__INPUT FOR THIS TASK__:
(* Let $x_1,\dots,x_N\in\mathbb{R}^q$ and let $d:\mathbb{R}^q\times\mathbb{R}^q\to\mathbb{R}_{\ge0}$ be any function such that for every subset $J\subseteq\{1,\dots,N\}$ the function $x\mapsto\sum_{i\in J}d(x,x_i)$ attains its minimum on $\mathbb{R}^q$ (for $J=\emptyset$ this is the zero function). Let $\mu$ be a choice function assigning to each subset $J\subseteq\{1,\dots,N\}$ a fixed point $\mu(J)\in\operatorname{argmin}_{x}\sum_{i\in J}d(x,x_i)$. Let $\hat x_0\in\mathbb{R}^q$ be arbitrary and define recursively $$C_n=\{i\in\{1,\dots,N\}: d(\hat x_n,x_i)<1\},\qquad \hat x_{n+1}=\mu(C_n).$$ Then the sequence $(\hat x_n)$ is stationary: there exists $n_0$ such that $\hat x_n=\hat x_{n_0}$ for all $n\ge n_0$.
   Context: This is generalized mean shift with the triangular profile $k(u)=\max(1-u,0)$, whose weight function is $g(u)=1$ if $u<1$ and $g(u)=0$ if $u\ge1$. The associated objective is $f(x)=\sum_{i=1}^N\max(1-d(x,x_i),0)=\sum_{i:\,d(x,x_i)<1}(1-d(x,x_i))$. *)

(* R^q is rendered as row vectors 'rV[R]_q over an arbitrary
   real field R (the statement is purely order-theoretic/combinatorial). *)
From HB Require Import structures.
From mathcomp Require Import all_boot all_order all_algebra.
Set Implicit Arguments. Unset Strict Implicit. Unset Printing Implicit Defensive.
Import Order.TTheory GRing.Theory Num.Theory.
Local Open Scope ring_scope.

Definition nbhd (R : realFieldType) (q N : nat)
  (d : 'rV[R]_q -> 'rV[R]_q -> R) (X : 'I_N -> 'rV[R]_q) (x : 'rV[R]_q)
  : {set 'I_N} := [set i | d x (X i) < 1].

Fixpoint ms_iter (R : realFieldType) (q N : nat)
  (d : 'rV[R]_q -> 'rV[R]_q -> R) (X : 'I_N -> 'rV[R]_q)
  (mu : {set 'I_N} -> 'rV[R]_q) (x0 : 'rV[R]_q) (n : nat) : 'rV[R]_q :=
  match n with
  | 0%N => x0
  | n'.+1 => mu (nbhd d X (ms_iter d X mu x0 n'))
  end.

From mathcomp Require Import all_boot all_order all_algebra.
Set Implicit Arguments. Unset Strict Implicit.
Import Order.TTheory GRing.Theory Num.Theory.
Local Open Scope ring_scope.

(* Mean shift is an ascent method for f(y) = sum_(i in C(y)) (1 - d(y, x_i)),
   where C(y) = {i | d(y, x_i) < 1}: since mu(C(y)) minimises the sum of the
   distances over C(y), f does not decrease along the iterates, and if it stalls
   then the neighbourhood can only shrink.  Hence the pair (f, C) strictly
   increases (lexicographically, with C ordered by reverse inclusion) until the
   neighbourhood becomes stationary.  The neighbourhoods follow the iteration of
   a self-map of the finite set of subsets of {1, ..., N}, so they loop back,
   which a strict order forbids; once C_n is stationary, so is x_n = mu(C_(n-1)). *)

Lemma iter_reaches_fixpoint (S : finType) (T : S -> S) (lt : rel S) :
  irreflexive lt -> transitive lt ->
  (forall s, T (T s) != T s -> lt s (T s)) ->
  forall s, exists n, T (iter n T s) = iter n T s.
Proof.
move=> lt_irr lt_tr lt_step s.
have /trajectP[m lt_m_ord loop] := looping_order T s.
set n := fingraph.order T s in lt_m_ord loop.
have [/existsP[k /eqP fixk] | /existsPn nofix] :=
  boolP [exists k : 'I_n, T (iter k.+1 T s) == iter k.+1 T s].
  by exists k.+1.
have incr : {in [pred i | (i <= n)%N] &,
    {homo (fun i => iter i T s) : i j / (i < j)%N >-> lt i j}}.
  apply: homo_ltn_in lt_tr _ _ => [i j _ le_jn k /andP[_ lt_kj] | i _ lt_in].
    by rewrite inE (leq_trans (ltnW lt_kj)).
  by apply: lt_step; exact: nofix (Ordinal lt_in).
have := incr m n (ltnW lt_m_ord) (leqnn n) lt_m_ord.
by rewrite loop lt_irr.
Qed.

Section GeneralizedMeanShift.

Variables (R : realFieldType) (q N : nat) (X : 'I_N -> 'rV[R]_q)
  (d : 'rV[R]_q -> 'rV[R]_q -> R) (mu : {set 'I_N} -> 'rV[R]_q).
Hypothesis mu_argmin : forall (J : {set 'I_N}) (x : 'rV[R]_q),
  \sum_(i in J) d (mu J) (X i) <= \sum_(i in J) d x (X i).

Local Notation C := (nbhd d X).

Definition ms_objective (y : 'rV[R]_q) : R := \sum_(i in C y) (1 - d y (X i)).

Definition ms_step (J : {set 'I_N}) : {set 'I_N} := C (mu J).

Lemma ms_objective_le_overlap y (z := mu (C y)) :
  ms_objective y <= \sum_(i in C y :&: C z) (1 - d z (X i)).
Proof.
have le_yz : ms_objective y <= \sum_(i in C y) (1 - d z (X i)).
  by rewrite /ms_objective !sumrB lerD2l lerN2 mu_argmin.
apply: le_trans le_yz _; rewrite (big_setID (C z)) /= gerDl.
by apply: sumr_le0 => i; rewrite !inE => /andP[/negbTE nCi _]; rewrite subr_le0 leNgt nCi.
Qed.

Lemma ms_objective_split y (z := mu (C y)) :
  ms_objective z = \sum_(i in C y :&: C z) (1 - d z (X i))
                   + \sum_(i in C z :\: C y) (1 - d z (X i)).
Proof. by rewrite /ms_objective (big_setID (C y)) setIC. Qed.

Lemma ms_objective_ascent y : ms_objective y <= ms_objective (mu (C y)).
Proof.
apply: le_trans (ms_objective_le_overlap y) _; rewrite ms_objective_split lerDl.
by apply: sumr_ge0 => i; rewrite !inE => /andP[_ Czi]; rewrite subr_ge0 ltW.
Qed.

Lemma ms_stall_nbhd_sub y :
  ms_objective (mu (C y)) <= ms_objective y -> C (mu (C y)) \subset C y.
Proof.
move=> stall; apply/subsetP => i Czi; apply: contraLR stall => nCyi.
rewrite -ltNge (le_lt_trans (ms_objective_le_overlap y)) // ms_objective_split ltrDl.
rewrite (bigD1 i) /=; last by rewrite in_setD nCyi.
apply: ltr_pwDl; first by move: Czi; rewrite inE subr_gt0.
by apply: sumr_ge0 => j; rewrite !inE => /andP[/andP[_ Czj] _]; rewrite subr_ge0 ltW.
Qed.

Definition ms_potential (J : {set 'I_N}) : R := ms_objective (mu J).

Definition ms_prec (A B : {set 'I_N}) : bool :=
  (ms_potential A < ms_potential B)
  || (ms_potential A == ms_potential B) && (ms_step B \proper ms_step A).

Lemma ms_prec_irr : irreflexive ms_prec.
Proof. by move=> A; rewrite /ms_prec ltxx properxx andbF. Qed.

Lemma ms_prec_trans : transitive ms_prec.
Proof.
move=> B A D /orP[ltAB | /andP[/eqP eqAB pBA]] /orP[ltBD | /andP[/eqP eqBD pDB]].
- by rewrite /ms_prec (lt_trans ltAB ltBD).
- by rewrite /ms_prec -eqBD ltAB.
- by rewrite /ms_prec eqAB ltBD.
- by rewrite /ms_prec eqAB eqBD eqxx (proper_trans pDB pBA) orbT.
Qed.

Lemma ms_prec_step A : ms_step (ms_step A) != ms_step A -> ms_prec A (ms_step A).
Proof.
move=> notfix; rewrite /ms_prec; have [//|le_stepA] := ltP.
have asc : ms_potential A <= ms_potential (ms_step A) by apply: ms_objective_ascent.
rewrite eq_le asc le_stepA properEneq notfix.
exact: ms_stall_nbhd_sub.
Qed.

Lemma nbhd_ms_iter x0 n : C (ms_iter d X mu x0 n) = iter n ms_step (C x0).
Proof. by elim: n => //= n ->. Qed.

Lemma ms_iter_stationary x0 n :
  ms_step (iter n ms_step (C x0)) = iter n ms_step (C x0) ->
  forall m, (n < m)%N -> ms_iter d X mu x0 m = ms_iter d X mu x0 n.+1.
Proof.
move=> fix_n [//|m]; rewrite ltnS => le_nm /=; rewrite !nbhd_ms_iter.
by rewrite -(subnK le_nm) iterD iter_fix.
Qed.

End GeneralizedMeanShift.

Theorem theorem1 (R : realFieldType) (q N : nat)
  (X : 'I_N -> 'rV[R]_q)
  (d : 'rV[R]_q -> 'rV[R]_q -> R)
  (d_nonneg : forall x y, 0 <= d x y)
  (d_attain : forall J : {set 'I_N}, exists m : 'rV[R]_q,
      forall x : 'rV[R]_q, \sum_(i in J) d m (X i) <= \sum_(i in J) d x (X i))
  (mu : {set 'I_N} -> 'rV[R]_q)
  (mu_argmin : forall (J : {set 'I_N}) (x : 'rV[R]_q),
      \sum_(i in J) d (mu J) (X i) <= \sum_(i in J) d x (X i))
  (x0 : 'rV[R]_q) :
  exists n0 : nat, forall n : nat, (n0 <= n)%N ->
    ms_iter d X mu x0 n = ms_iter d X mu x0 n0.
Proof.
have [n fix_n] := iter_reaches_fixpoint (@ms_prec_irr _ _ _ X d mu)
  (@ms_prec_trans _ _ _ X d mu) (ms_prec_step mu_argmin) (nbhd d X x0).
by exists n.+1; exact: ms_iter_stationary fix_n.
Qed.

__ABOUT THIS EXERCISE__: Repeat word for word the lines above that run from the line containing "- by rewrite /ms_prec eqAB ltBD." through the line containing "exact: ms_stall_nbhd_sub.", both ends included, and nothing else.

__TASK SOLUTION__:
- by rewrite /ms_prec eqAB ltBD.
- by rewrite /ms_prec eqAB eqBD eqxx (proper_trans pDB pBA) orbT.
Qed.

Lemma ms_prec_step A : ms_step (ms_step A) != ms_step A -> ms_prec A (ms_step A).
Proof.
move=> notfix; rewrite /ms_prec; have [//|le_stepA] := ltP.
have asc : ms_potential A <= ms_potential (ms_step A) by apply: ms_objective_ascent.
rewrite eq_le asc le_stepA properEneq notfix.
exact: ms_stall_nbhd_sub.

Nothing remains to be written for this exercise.